(* Let $n=p_1^{r_1}p_2^{r_2}\cdots p_k^{r_k}$, where $k\ge1$, $p_1,\ldots,p_k$ are distinct primes and $r_1\ge r_2\ge\cdots\ge r_k\ge1$. If $n$ is not prime, then $$F(G(n))=\sum_{\substack{i_1<i_2<\cdots<i_s\\ \emptyset\ne\{i_1,\ldots,i_s\}\subseteq\{1,\ldots,k\}}} r_{i_1}r_{i_2}\cdots r_{i_s}\,x_{i_1}x_{i_2}\cdots x_{i_s}.$$ If $n$ is prime, then $F(G(n))=1$.
   Context: For an integer $n\ge2$, $G(n)$ is the simple undirected graph whose vertex set is the set of divisors of $n$ greater than $1$, two distinct vertices $a,b$ adjacent iff $\gcd(a,b)>1$. A clique is a set of pairwise adjacent vertices; a set $S$ of cliques of $G$ is a total clique covering if every vertex lies in some member of $S$ and every edge has both endpoints in some member of $S$; $\theta_t(G)$ is the minimum size of a total clique covering. The code $\sigma(G)$ of a graph $G$ with $m$ vertices and $s\ge0$ isolated vertices: let $k'=\theta_t(G)-s$; for each total clique covering $S=\{C_1,\ldots,C_{s+k'}\}$ with $|S|=\theta_t(G)$ (where $C_1,\ldots,C_s$ are the singletons of the isolated vertices) and each bijective assignment of the first $k'$ primes to $C_{s+1},\ldots,C_{s+k'}$, label each isolated vertex by $1$ and each other vertex $v$ by the product of primes assigned to the cliques among $C_{s+1},\ldots,C_{s+k'}$ containing $v$, and list the labels in non-decreasing order; $\sigma[S]$ is the lexicographically least sequence so obtained from $S$, and $\sigma(G)$ is the lexicographically least among all $\sigma[S]$ with $|S|=\theta_t(G)$. The normal polynomial representation $F(G)\in\mathbb{Z}_{\ge0}[x_1,x_2,\ldots]$ is $\sum_{\lambda} m(\lambda)$, summed over the entries $\lambda$ of $\sigma(G)$ (with multiplicity), where $m(1)=1$ and $m(q_{j_1}q_{j_2}\cdots q_{j_r})=x_{j_1}x_{j_2}\cdots x_{j_r}$ for distinct indices $j_1,\ldots,j_r$, $q_j$ denoting the $j$-th prime. *)

From HB Require Import structures.
From mathcomp Require Import all_boot all_order all_algebra.
From mathcomp Require Import fingroup perm.
From mathcomp Require Import mpoly.

Set Implicit Arguments.
Unset Strict Implicit.
Unset Printing Implicit Defensive.

Import GRing.Theory.
Local Open Scope ring_scope.

(* Primes q_1 < q_2 < ... ; we index from 0:  nth_prime j = q_(j+1).        *)

Lemma next_prime_ex (p : nat) : exists q, ((p < q) && prime q)%N.
Proof. by case: (prime_above p) => q h1 h2; exists q; rewrite h1 h2. Qed.

Definition next_prime (p : nat) : nat := ex_minn (next_prime_ex p).

Fixpoint nth_prime (j : nat) : nat :=
  if j is j'.+1 then next_prime (nth_prime j') else 2%N.

(* Simple graphs: vertex set V : {set T} inside a finType T, adjacency e     *)
(* (only used on pairs of distinct vertices of V).                           *)

Section Graphs.
Variables (T : finType) (V : {set T}) (e : rel T).

Definition is_clique (C : {set T}) : bool :=
  (C \subset V) && [forall x in C, forall y in C, (x != y) ==> e x y].

Definition is_edge (x y : T) : bool :=
  [&& x \in V, y \in V, x != y & e x y].

Definition total_clique_covering (S : {set {set T}}) : bool :=
  [&& [forall C in S, is_clique C],
      [forall v in V, exists C in S, v \in C] &
      [forall x, forall y, is_edge x y ==> [exists C in S, (x \in C) && (y \in C)]]].

Definition min_tcc (S : {set {set T}}) : bool :=
  total_clique_covering S &&
  [forall S' : {set {set T}}, total_clique_covering S' ==> (#|S| <= #|S'|)%N].

Definition isolated (v : T) : bool := (v \in V) && [forall u, ~~ is_edge v u].

(* the cliques C_(s+1), ..., C_(s+k') : S minus the singletons of isolated
   vertices *)
Definition nonisolated_cliques (S : {set {set T}}) : {set {set T}} :=
  S :\: [set [set v] | v in [set v | isolated v]].

(* label of v for the assignment: i-th clique of enum S' gets prime q_(s i + 1) *)
Definition label (S : {set {set T}}) (s : 'S_(size (enum (nonisolated_cliques S))))
    (v : T) : nat :=
  if isolated v then 1%N
  else (\prod_(i < size (enum (nonisolated_cliques S))
              | v \in nth set0 (enum (nonisolated_cliques S)) i)
          nth_prime (s i))%N.

Definition code_of (S : {set {set T}}) s : seq nat :=
  sort leq [seq label (S := S) s v | v <- enum V].

(* all sequences obtained from minimum total clique coverings and bijective
   assignments of the first k' primes (every bijection is given by a
   permutation s of the indices of enum S') *)
Definition all_codes : seq (seq nat) :=
  flatten [seq [seq code_of (S := Cov) s
             | s <- enum [set: 'S_(size (enum (nonisolated_cliques Cov)))]]
          | Cov <- enum [set Cov : {set {set T}} | min_tcc Cov]].

End Graphs.

Fixpoint lexle (s t : seq nat) : bool :=
  match s, t with
  | [::], _ => true
  | _ :: _, [::] => false
  | a :: s', b :: t' => (a < b)%N || ((a == b) && lexle s' t')
  end.

Definition lexmin (cs : seq (seq nat)) : seq nat :=
  foldr (fun c m => if lexle c m then c else m) (head [::] cs) cs.

Definition code (T : finType) (V : {set T}) (e : rel T) : seq nat :=
  lexmin (all_codes V e).

(* Normal polynomial representation.  F(G) lives in Z[x_1, x_2, ...]; we     *)
(* represent it through its images in {mpoly int[N]} under the ring map      *)
(* x_j |-> 'X_(j-1) for j <= N and x_j |-> 0 for j > N.                      *)
(* m(q_(j1) ... q_(jr)) = x_(j1) ... x_(jr), m(1) = 1.                        *)

Definition monomial_N (N : nat) (lam : nat) : {mpoly int[N]} :=
  \prod_(p <- primes lam) \sum_(i < N | nth_prime i == p) 'X_i.

Definition normal_poly_N (N : nat) (T : finType) (V : {set T}) (e : rel T)
  : {mpoly int[N]} :=
  \sum_(lam <- code V e) monomial_N N lam.

Definition Gn_vertices (n : nat) : {set 'I_n.+1} :=
  [set d : 'I_n.+1 | (1 < d)%N && (d %| n)%N].

Definition Gn_adj (n : nat) : rel 'I_n.+1 :=
  fun a b => (a != b) && (1 < gcdn a b)%N.

Arguments Gn_vertices n : clear implicits.
Arguments Gn_adj n : clear implicits.

Definition F_Gn (N n : nat) : {mpoly int[N]} :=
  normal_poly_N N (Gn_vertices n) (Gn_adj n).

(* The sets C_i of divisors of n divisible by p_i are cliques, and they form
   the unique minimum total clique covering of G(n): a clique through the vertex
   p_i lies in C_i, and covering the edges at p_i forces C_i itself to appear.
   If n is not prime, G(n) has no isolated vertex, so a code comes from a
   bijection tau assigning the prime q_(tau i) to C_i; a divisor is labelled by
   the product of these primes over its prime support, and exactly
   r_(i_1) ... r_(i_s) divisors have support {i_1, ..., i_s}.  Hence the code
   for tau contains q_(tau i) exactly r_i times.  At the least prime where the
   multiplicities for tau and for the identity differ, the ordering
   r_1 >= ... >= r_k makes the identity code lexicographically smaller, so a
   minimal tau preserves r and yields the same code as the identity; its
   normal polynomial is the claimed sum.  If n is prime, G(n) is a single
   isolated vertex, labelled 1. *)

From mathcomp Require Import all_boot all_order all_algebra.
From mathcomp Require Import fingroup perm mpoly zify.
Import Order.TTheory GRing.Theory.

Lemma lexleE (s t : seq nat) : lexle s t = (s <= t :> seqlexi nat)%O.
Proof.
elim: s t => [|a s IH] [|b t] //=; rewrite lexi_cons IH !leEnat.
by case: ltngtP.
Qed.

Lemma lexle_refl : reflexive lexle.
Proof. by move=> s; rewrite lexleE. Qed.

Lemma lexle_trans : transitive lexle.
Proof. by move=> t s u; rewrite !lexleE; apply: le_trans. Qed.

Lemma lexle_total : total lexle.
Proof. by move=> s t; rewrite !lexleE le_total. Qed.

Lemma lexle_cat2l (t s1 s2 : seq nat) : lexle (t ++ s1) (t ++ s2) = lexle s1 s2.
Proof. by elim: t => //= a t ->; rewrite ltnn eqxx. Qed.

Lemma foldr_lexmin x0 (cs : seq (seq nat)) :
  let m := foldr (fun c m => if lexle c m then c else m) x0 cs in
  m \in x0 :: cs /\ {in x0 :: cs, forall d, lexle m d}.
Proof.
elim: cs => [|c cs]; first by split=> [|d /[!inE] /eqP->]; rewrite ?inE ?eqxx ?lexle_refl.
set m := foldr _ _ _ => /= -[m_in m_le].
have [cm|mc] := boolP (lexle c m).
  split=> [|d]; first by rewrite !inE eqxx orbT.
  rewrite !inE => /or3P[/eqP->|/eqP->|dcs]; rewrite ?lexle_refl //;
    by apply: lexle_trans cm (m_le _ _); rewrite inE ?eqxx ?dcs ?orbT.
have {}mc : lexle m c by move: (lexle_total c m); rewrite (negbTE mc).
split=> [|d]; first by move: m_in; rewrite !inE => /orP[]->; rewrite ?orbT.
by rewrite !inE => /or3P[/eqP->|/eqP->//|dcs]; apply: m_le; rewrite inE ?eqxx ?dcs ?orbT.
Qed.

Lemma lexmin_mem cs : cs != [::] -> lexmin cs \in cs.
Proof.
case: cs => // c cs _; have [] := foldr_lexmin c (c :: cs).
by rewrite /lexmin /= inE => /orP[/eqP->|]; rewrite ?inE ?eqxx.
Qed.

Lemma lexmin_le cs : {in cs, forall d, lexle (lexmin cs) d}.
Proof.
by move=> d d_cs; have [_] := foldr_lexmin (head [::] cs) cs; apply; rewrite inE d_cs orbT.
Qed.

-=-=-

What this task involves:
Restate word for word only the lines above from the line containing "(v : T) : nat" to the line containing "lexmin (all_codes V e).", both of them included.

Response area:
    (v : T) : nat :=
  if isolated v then 1%N
  else (\prod_(i < size (enum (nonisolated_cliques S))
              | v \in nth set0 (enum (nonisolated_cliques S)) i)
          nth_prime (s i))%N.

Definition code_of (S : {set {set T}}) s : seq nat :=
  sort leq [seq label (S := S) s v | v <- enum V].

(* all sequences obtained from minimum total clique coverings and bijective
   assignments of the first k' primes (every bijection is given by a
   permutation s of the indices of enum S') *)
Definition all_codes : seq (seq nat) :=
  flatten [seq [seq code_of (S := Cov) s
             | s <- enum [set: 'S_(size (enum (nonisolated_cliques Cov)))]]
          | Cov <- enum [set Cov : {set {set T}} | min_tcc Cov]].

End Graphs.

Fixpoint lexle (s t : seq nat) : bool :=
  match s, t with
  | [::], _ => true
  | _ :: _, [::] => false
  | a :: s', b :: t' => (a < b)%N || ((a == b) && lexle s' t')
  end.

Definition lexmin (cs : seq (seq nat)) : seq nat :=
  foldr (fun c m => if lexle c m then c else m) (head [::] cs) cs.

Definition code (T : finType) (V : {set T}) (e : rel T) : seq nat :=
  lexmin (all_codes V e).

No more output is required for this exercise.